We can see that the word2vec model does a good job of grouping similar words together. If we look only at the vector representation of one the words we will see that it is a vector of length 200 (since we trained it that way). Also we have to remember that words that are does not occur more than 10 times are rejected

In [30]:
tweet_word2vec.wv['good'];

In order to train the data we need to convert each of the tweet into vectors. In order to do this we will add all the vector equivalent of words in a given tweet mutiplied by the weight carried by the word, which we can relate to the frequency of occurrence of the words in the corpus. Once we have the vector equivalent of the tweets we can then start building the model for sentiment analysis.

In [31]:
#Getting the weights of each word
from sklearn.feature_extraction.text import TfidfVectorizer

In [32]:
vectorizer = TfidfVectorizer(analyzer=lambda x:x, min_df=10)

In [33]:
vectorizer.fit_transform([x.words for x in train_taggedtweets])

<640624x20993 sparse matrix of type '<class 'numpy.float64'>'
	with 8306130 stored elements in Compressed Sparse Row format>

In [34]:
tfidf = dict(zip(vectorizer.get_feature_names(), vectorizer.idf_))

Now we are fully equipped to make a vector equivalent of all tweets

In [35]:
def build_vectors(tweet, tfidf):
    tweet_vector = np.zeros(200).reshape(1, 200)
    count = 0.0
    for word in tweet:
        try:
            tweet_vector+=tfidf[word]*tweet_word2vec.wv[word].reshape(1, 200)
            
        except:
            continue
        count+=1
    if count !=0:
        return tweet_vector/count
    else:
        return tweet_vector

In [36]:
vectorized_tweet = []
for tweet in tqdm_notebook(X_train):
    vectorized_tweet.append(build_vectors(tweet, tfidf))

        

HBox(children=(IntProgress(value=0, max=640624), HTML(value='')))




In [37]:
train_tweets = np.array(vectorized_tweet).reshape(-1, 200)

In [38]:
train_tweets.shape

(640624, 200)

In [39]:
test_tweets = []
for tweet in tqdm_notebook(X_test):
    test_tweets.append(build_vectors(tweet, tfidf))
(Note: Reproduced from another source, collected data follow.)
Definition trop (K : fieldType) (m : nat) (f : pseries K m) : mexp m -> Prop :=
  vert (Supp f).

(* Write q = f/g.  The hypothesis says that the support of f lies in the
   Newton polyhedron N(g) of g.  By Dickson's lemma the support of g has
   finitely many minimal elements l_1, ..., l_n, and every vertex of N(g) is
   one of them; take alpha_k = f(l_k)/g(l_k).  Each factor f - alpha_k g is
   supported in N(g), so the supports of P = prod_k (f - alpha_k g) and of g^n
   lie in n N(g).  At n v, for a vertex v of N(g), the only way to write n v as
   a sum of n points of N(g) is v + ... + v, so the coefficients there are
   g(v)^n <> 0 and prod_k (f(v) - alpha_k g(v)) = 0.  Hence N(g^n) = n N(g),
   its vertices are the points n v, and none of them is a vertex of N(P). *)

(* Imported before MathComp: imported after it, [Rdefinitions] would rebind
   the scope key [%N] used in the statement. *)
From Stdlib Require Import Rdefinitions Classical FunctionalExtensionality PropExtensionality.
From HB Require Import structures.
From mathcomp Require Import all_boot all_order all_algebra.
From mathcomp Require Import Rstruct ring lra.

Set Implicit Arguments.
Unset Strict Implicit.
Unset Printing Implicit Defensive.
Import Order.TTheory GRing.Theory Num.Theory.
Local Open Scope ring_scope.

Lemma pred_ext (T : Type) (A B : T -> Prop) : (forall x, A x <-> B x) -> A = B.
Proof.
move=> eqAB; apply: functional_extensionality => x.
exact: propositional_extensionality.
Qed.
HBox(children=(IntProgress(value=0, max=160156), HTML(value='')))




In [40]:
test_tweets = np.array(test_tweets).reshape(-1, 200)

In [41]:
test_tweets.shape

(160156, 200)

Let us use an XGBoost classifier to perform a classification. We do not require neural nets unless we are using special networks such as RNN 

In [42]:
#Let us scale the data in both training and test
from sklearn.preprocessing import StandardScaler, MinMaxScaler
sc = MinMaxScaler()
x_train = train_tweets
x_test = test_tweets
#We do not need to scale for xgboost
#reshaping the data for LSTMs
#x_train_re = x_train.reshape(-1, 200, 1)
#x_test_re = x_test.reshape(-1, 200, 1)

In [43]:
#print('Shape of x_train: ', x_train_re.shape)
#print('Shape of x_test: ', x_test_re.shape)


In [45]:
y_train = np.array(y_train).flatten()
y_test = np.array(y_test).flatten()

In [46]:
np.array(y_train).reshape(-1,1).shape

(640624, 1)

In [47]:
from xgboost import XGBClassifier

In [48]:
model = XGBClassifier(max_depth=5,
                      n_estimators=500, 
                      objective = 'gpu:binary:logistic',
                      n_jobs=-1, 
                      kvargs = {'tree_method':'gpu_exact'}, )

In [49]:
model.fit(x_train, y=y_train, eval_set=[(x_train, y_train), (x_test, y_test)], eval_metric= 'error')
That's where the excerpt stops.